# Spinning bicycle wheel in air and letting it go

Let's say that we have a bicycle wheel with radius $R = 25 cm$ and mass $m = 1 kg$. We spin the wheel in air so, that the tread is moving at the speed of $v_o = 50 km / h$.
Then, we let it roll on asphalt, given the coefficient of static friction: $f_s = 0.9$ and kinetic friction: $f_k = 0.7$. (I am making these numbers up, I hope they work)
I wonder what the final velocity of the wheel will be (after traction is "restored").

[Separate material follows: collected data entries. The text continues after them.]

(* Let $S_j$ be local potentials satisfying (A)–(E). For every $\omega\in\mathbb{R}^d$ there exists a global minimizer $x\in\overline{\mathcal{B}}_\omega$, i.e. a Birkhoff global minimizer with rotation vector $\omega$ such that $\tau_{k,l}x=x$ for all $(k,l)\in\mathbb{Z}^d\times\mathbb{Z}$ with $\langle\omega,k\rangle+l=0$.
   Context: Notation: $\|i\|=\sum_{k=1}^d|i_k|$, $B_j^r=\{k:\|k-j\|\le r\}$, $(\tau_{k,l}x)_i=x_{i+k}+l$. Local potentials $S_j:\mathbb{R}^{\mathbb{Z}^d}\to\mathbb{R}$, $j\in\mathbb{Z}^d$, satisfy: (A) there is $r\in(0,\infty)$ and $C^2$ functions $s_j:\mathbb{R}^{B_j^r}\to\mathbb{R}$ with $S_j(x)=s_j(x|_{B_j^r})$; (B) $S_j(\tau_{k,l}x)=S_{j+k}(x)$; (C) each $S_j$ is bounded below and $S_j(x)\to\infty$ as $|x_k-x_j|\to\infty$ whenever $\|k-j\|=1$; (D) $\partial_{i,k}S_j\le0$ for $i\ne k$, and $\partial_{i,k}S_i<0$ when $\|i-k\|=1$; (E) $|\partial_{i,k}S_j|\le C$ uniformly. A configuration $x$ is Birkhoff if for every $(k,l)$, $\tau_{k,l}x\ge x$ or $\tau_{k,l}x\le x$ (pointwise order). $\omega$ is the rotation vector of $x$ if $\lim_{n\to\infty}x_{ni}/n=\langle\omega,i\rangle$ for all $i$. $\overline{\mathcal{B}}_\omega$ is the set of Birkhoff configurations with rotation vector $\omega$ satisfying $\tau_{k,l}x=x$ whenever $\langle\omega,k\rangle+l=0$. For finite $B$: $W_B=\sum_{j\in B}S_j$, $\mathring{B}^{(r)}=\{i\in B:B_i^r\subset B\}$; $x$ is a global minimizer if $W_B(x+y)\ge W_B(x)$ for all finite $B$ and all $y$ supported in $\mathring{B}^{(r)}$. *)

From Stdlib Require Import Reals Lra ZArith List Classical ClassicalEpsilon.
From Stdlib Require Fin.
Open Scope R_scope.

Definition site (d : nat) := Fin.t d -> Z.
Definition config (d : nat) := site d -> R.

Fixpoint sumFin (d : nat) : (Fin.t d -> R) -> R :=
  match d with
  | O => fun _ => 0
  | S n => fun f => f Fin.F1 + sumFin n (fun a => f (Fin.FS a))
  end.

Definition site_add {d} (i k : site d) : site d := fun a => (i a + k a)%Z.
Definition site_sub {d} (i k : site d) : site d := fun a => (i a - k a)%Z.
Definition site_scale {d} (n : nat) (i : site d) : site d :=
  fun a => (Z.of_nat n * i a)%Z.

Definition norm1 {d} (i : site d) : R := sumFin d (fun a => IZR (Z.abs (i a))).

Definition inner {d} (omega : Fin.t d -> R) (k : site d) : R :=
  sumFin d (fun a => omega a * IZR (k a)).

Definition tau {d} (k : site d) (l : Z) (x : config d) : config d :=
  fun i => x (site_add i k) + IZR l.

Definition cfg_le {d} (x y : config d) : Prop := forall i, x i <= y i.

Definition upd {d} (x : config d) (i : site d) (t : R) : config d :=
  fun k => if excluded_middle_informative (k = i) then t else x k.

Definition has_partial {d} (i : site d) (F G : config d -> R) : Prop :=
  forall x, derivable_pt_lim (fun t => F (upd x i t)) (x i) (G x).

(* continuity w.r.t. the sup distance (for local functions this is ordinary
   continuity in the finitely many relevant variables) *)
Definition cfg_continuous {d} (F : config d -> R) : Prop :=
  forall x eps, 0 < eps -> exists delta, 0 < delta /\
    forall y, (forall i, Rabs (y i - x i) < delta) -> Rabs (F y - F x) < eps.

Definition Birkhoff {d} (x : config d) : Prop :=
  forall k l, cfg_le x (tau k l x) \/ cfg_le (tau k l x) x.

Definition rotation_vector {d} (x : config d) (omega : Fin.t d -> R) : Prop :=
  forall i, Un_cv (fun n => x (site_scale n i) / INR n) (inner omega i).

Definition Bbar {d} (omega : Fin.t d -> R) (x : config d) : Prop :=
  Birkhoff x /\ rotation_vector x omega /\
  (forall k l, inner omega k + IZR l = 0 -> tau k l x = x).

(* W_B for a finite set B, given as a duplicate-free list *)
Definition W {d} (S : site d -> config d -> R) (B : list (site d)) (x : config d) : R :=
  fold_right (fun j acc => S j x + acc) 0 B.

Definition cfg_add {d} (x y : config d) : config d := fun i => x i + y i.

Definition supported_in_interior {d} (r : R) (B : list (site d)) (y : config d) : Prop :=
  forall i, y i <> 0 -> In i B /\ (forall k, norm1 (site_sub k i) <= r -> In k B).

Definition global_minimizer {d} (S : site d -> config d -> R) (r : R) (x : config d) : Prop :=
  forall (B : list (site d)) (y : config d), NoDup B ->
    supported_in_interior r B y -> W S B x <= W S B (cfg_add x y).

From Stdlib Require Import Reals ZArith List Lra Lia Classical ClassicalEpsilon FunctionalExtensionality Permutation Cantor.
From Stdlib Require Fin.
Open Scope R_scope.

(* Existence of Birkhoff global minimizers with prescribed rotation vector
   (Aubry-Mather theory for configurations x : Z^d -> R).
   1. Rational rotation vectors w = P/Q.  Minimize the energy of one period box
      over the (Q,P)-periodic configurations, x(i + Q e_a) = x(i) + P_a; a
      minimizer exists by coercivity (C), translation invariance (B) and
      compactness.  By the sign condition (D) on the mixed derivatives every
      potential is submodular, so the minimizers form a lattice that is stable
      under the translations tau; the infimum of the translates of nonnegative
      height <w,k> + l of a minimizer is again a minimizer, and it is ordered
      with respect to w.  Periodic minimizers are global minimizers: a finitely
      supported perturbation is periodized with a large multiple NQ of the
      period, and a (Q,P)-minimizer also minimizes the (NQ,NP)-problem.
   2. Arbitrary w.  Approximate w by rational vectors, normalize the ordered
      minimizers at the origin and extract a pointwise convergent subsequence
      (diagonal argument).  The limit is a Birkhoff global minimizer within
      distance 1 of the plane of slope w; the infimum of its translates of
      nonnegative height, taken among the global minimizers comparable with all
      its translates, is ordered with respect to w, hence lies in Bbar w. *)

Definition orig {d} : site d := fun _ => 0%Z.

Lemma site_ext {d} (i j : site d) : (forall a, i a = j a) -> i = j.
Proof. intro H; apply functional_extensionality; exact H. Qed.

Lemma cfg_ext {d} (x y : config d) : (forall i, x i = y i) -> x = y.
Proof. intro H; apply functional_extensionality; exact H. Qed.

Lemma site_add_assoc {d} (i j k : site d) :
  site_add (site_add i j) k = site_add i (site_add j k).
Proof. apply site_ext; intro a; unfold site_add; lia. Qed.

Lemma site_add_comm {d} (i j : site d) : site_add i j = site_add j i.
Proof. apply site_ext; intro a; unfold site_add; lia. Qed.

Lemma site_add_0r {d} (i : site d) : site_add i orig = i.
Proof. apply site_ext; intro a; unfold site_add, orig; lia. Qed.

Lemma site_add_0l {d} (i : site d) : site_add orig i = i.
Proof. apply site_ext; intro a; unfold site_add, orig; lia. Qed.

Lemma site_add_sub {d} (i k : site d) : site_add (site_sub i k) k = i.
Proof. apply site_ext; intro a; unfold site_add, site_sub; lia. Qed.

Lemma site_sub_add {d} (i k : site d) : site_sub (site_add i k) k = i.
Proof. apply site_ext; intro a; unfold site_add, site_sub; lia. Qed.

This is how I attempted to solve this problem:

Once this wheel is put on asphalt, it will start moving with the initial speed of $v_o$. Then, the force of kinetic friction $F = f_k mg$ will reduce its speed by $\Delta v$. By the momentum-impulse rule,
$$m \Delta v = F \Delta t$$

The torque generated by the force of kinetic friction will affect the angular velocity like this:
$$f_k mg \cdot R =I \frac{\Delta \omega}{\Delta t}$$

Now, using the fact that once the terminal velocity is reached, the wheel will no longer skid - this relation holds
$$v_{terminal} = \omega_{terminal} \cdot R$$

Now, this system of equations is actually solvable, but I am not sure whether my reasoning is correct. Any ideas?